Task details:
Write out exactly the lines below that run from the line containing "intros ? ?; reflexivity." through the last line of the records.

Given information:
(* Let $\gamma>1$ and let $f\in\mathcal K_\infty$ satisfy $f(x)>x$ for all $x>0$. Then there exists $g\in\mathcal K$ such that $g(f(x))=\gamma\,g(x)$ for all $x\in\mathbb R_+$.
   Context: $\mathcal K$: continuous strictly increasing functions $\alpha:\mathbb R_+\to\mathbb R_+$ with $\alpha(0)=0$; $\mathcal K_\infty$: those $\alpha\in\mathcal K$ with $\lim_{x\to+\infty}\alpha(x)=+\infty$. *)

(* concrete reals R. Functions R_+ -> R_+ are modelled as
   functions R -> R whose behaviour only matters on [0, +oo). *)
From Stdlib Require Import Reals.
Open Scope R_scope.

Definition maps_Rplus (a : R -> R) : Prop :=
  forall x, 0 <= x -> 0 <= a x.

Definition continuous_Rplus (a : R -> R) : Prop :=
  forall x, 0 <= x ->
    forall eps, 0 < eps -> exists delta, 0 < delta /\
      forall y, 0 <= y -> Rabs (y - x) < delta -> Rabs (a y - a x) < eps.

Definition strict_incr_Rplus (a : R -> R) : Prop :=
  forall x y, 0 <= x -> x < y -> a x < a y.

Definition class_K (a : R -> R) : Prop :=
  maps_Rplus a /\ continuous_Rplus a /\ strict_incr_Rplus a /\ a 0 = 0.

Definition class_Kinf (a : R -> R) : Prop :=
  class_K a /\ (forall M, exists N, 0 <= N /\ forall x, N <= x -> M <= a x).

From Stdlib Require Import Reals Lra Lia ClassicalEpsilon Classical Ranalysis5.
Open Scope R_scope.

(** The orbit [a n = f^n 1], [n ∈ Z] (negative iterates use the inverse of
    [f], which exists because [f] is in K_oo), increases from [0] to [+oo],
    so the intervals [[a n, a (n+1)) = f^n [1, f 1)] tile [(0, +oo)].  Map the
    fundamental domain [[1, f 1)] of [f] affinely onto the fundamental domain
    [[1, gamma)] of [x ↦ gamma x] and transport it by
    [g (f^n y) = gamma^n g y].  The resulting [g] is strictly increasing and
    onto [R_+], hence continuous. *)

Definition class_Kmono (u : R -> R) : Prop :=
  maps_Rplus u /\ strict_incr_Rplus u /\ u 0 = 0.

Definition onto_Rplus (u : R -> R) : Prop :=
  forall v, 0 <= v -> exists x, 0 <= x /\ u x = v.

Lemma class_K_Kmono u : class_K u -> class_Kmono u.
Proof. intros (Hm & _ & Hi & H0). exact (conj Hm (conj Hi H0)). Qed.

Lemma Kmono_le u x y : class_Kmono u -> 0 <= x -> x <= y -> u x <= u y.
Proof.
  intros (_ & Hi & _) Hx Hxy.
  destruct (Req_dec x y) as [->|Hne]; [lra|].
  left; apply Hi; lra.
Qed.

Lemma Kmono_lt_inv u x y : class_Kmono u -> 0 <= y -> u x < u y -> x < y.
Proof.
  intros Hu Hy Hlt. destruct (Rlt_le_dec x y) as [|Hyx]; [assumption|].
  pose proof (Kmono_le u y x Hu Hy Hyx). lra.
Qed.

Lemma Kmono_iter u k : class_Kmono u -> class_Kmono (Nat.iter k u).
Proof.
  intros (Km & Ki & K0).
  induction k as [|k (Hm & Hi & H0)]; split; try split; simpl.
  - intros x Hx; exact Hx.
  - intros x y _ Hxy; exact Hxy.
  - reflexivity.
  - intros x Hx; apply Km, Hm, Hx.
  - intros x y Hx Hxy; apply Ki; [apply Hm, Hx | apply Hi; assumption].
  - rewrite H0; exact K0.
Qed.

(* No jumps: [u y] is squeezed between [u x1 = u x - eps/2] and
   [u x2 = u x + eps/2], the lower bound being [0] when [u x <= eps/2]. *)
Lemma Kmono_onto_continuous u : class_Kmono u -> onto_Rplus u -> continuous_Rplus u.
Proof.
  intros Hu Honto x Hx eps Heps.
  pose proof Hu as (Hm & Hi & _).
  pose proof (Hm x Hx) as Hux.
  destruct (Honto (u x + eps / 2)) as (x2 & Hx2 & E2); [lra|].
  assert (x < x2) by (apply (Kmono_lt_inv u); auto; lra).
  destruct (Rle_lt_dec (u x) (eps / 2)).
  - exists (x2 - x); split; [lra|]. intros y Hy Hyx.
    assert (Hyx2 : y < x2) by (apply Rabs_def2 in Hyx; lra).
    pose proof (Hi y x2 Hy Hyx2). pose proof (Hm y Hy).
    apply Rabs_def1; lra.
  - destruct (Honto (u x - eps / 2)) as (x1 & Hx1 & E1); [lra|].
    assert (x1 < x) by (apply (Kmono_lt_inv u); auto; lra).
    exists (Rmin (x2 - x) (x - x1)); split; [apply Rmin_glb_lt; lra|].
    intros y Hy Hyx.
    pose proof (Rmin_l (x2 - x) (x - x1)). pose proof (Rmin_r (x2 - x) (x - x1)).
    apply Rabs_def2 in Hyx.
    pose proof (Hi y x2 Hy ltac:(lra)). pose proof (Hi x1 y Hx1 ltac:(lra)).
    apply Rabs_def1; lra.
Qed.

Lemma class_K_of_Kmono_onto u : class_Kmono u -> onto_Rplus u -> class_K u.
Proof.
  intros Hu Honto. pose proof (Kmono_onto_continuous u Hu Honto) as Hc.
  destruct Hu as (Hm & Hi & H0). exact (conj Hm (conj Hc (conj Hi H0))).
Qed.

Lemma continuity_pt_Rmax0 u a :
  continuous_Rplus u -> 0 <= a -> continuity_pt (fun t => u (Rmax 0 t)) a.
Proof.
  intros Hc Ha eps Heps. destruct (Hc a Ha eps Heps) as (d & Hd & Hd').
  exists d; split; [exact Hd|]. intros x [_ Hx]. simpl in *; unfold R_dist in *.
  rewrite (Rmax_right 0 a) by lra. apply Hd'; [apply Rmax_l|].
  apply Rle_lt_trans with (Rabs (x - a)); [|exact Hx].
  unfold Rmax; destruct (Rle_dec 0 x); [lra|].
  apply Rabs_def2 in Hx. rewrite Rabs_left1, Rabs_left1; lra.
Qed.

Lemma class_Kinf_onto u : class_Kinf u -> onto_Rplus u.
Proof.
  intros ((Hm & Hc & Hi & H0) & Hinf) y Hy.
  destruct (Req_dec y 0) as [->|Hy0]; [exists 0; split; [lra|exact H0]|].
  destruct (Hinf (y + 1)) as (N & HN & HuN). specialize (HuN N (Rle_refl N)).
  assert (0 < N) by (destruct HN as [|<-]; [assumption|lra]).
  destruct (IVT_interv (fun t => u (Rmax 0 t) - y) 0 N) as (z & Hz & Hz').
  - intros b Hb. apply (continuity_pt_minus (fun t => u (Rmax 0 t)) (fct_cte y)).
    + apply continuity_pt_Rmax0; [exact Hc | lra].
    + apply continuity_pt_const. intros ? ?; reflexivity.
  - assumption.
  - rewrite Rmax_right by lra. lra.
  - rewrite Rmax_right by lra. lra.
  - exists z. rewrite Rmax_right in Hz' by lra. split; lra.
Qed.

Response area:
    + apply continuity_pt_const. intros ? ?; reflexivity.
  - assumption.
  - rewrite Rmax_right by lra. lra.
  - rewrite Rmax_right by lra. lra.
  - exists z. rewrite Rmax_right in Hz' by lra. split; lra.
Qed.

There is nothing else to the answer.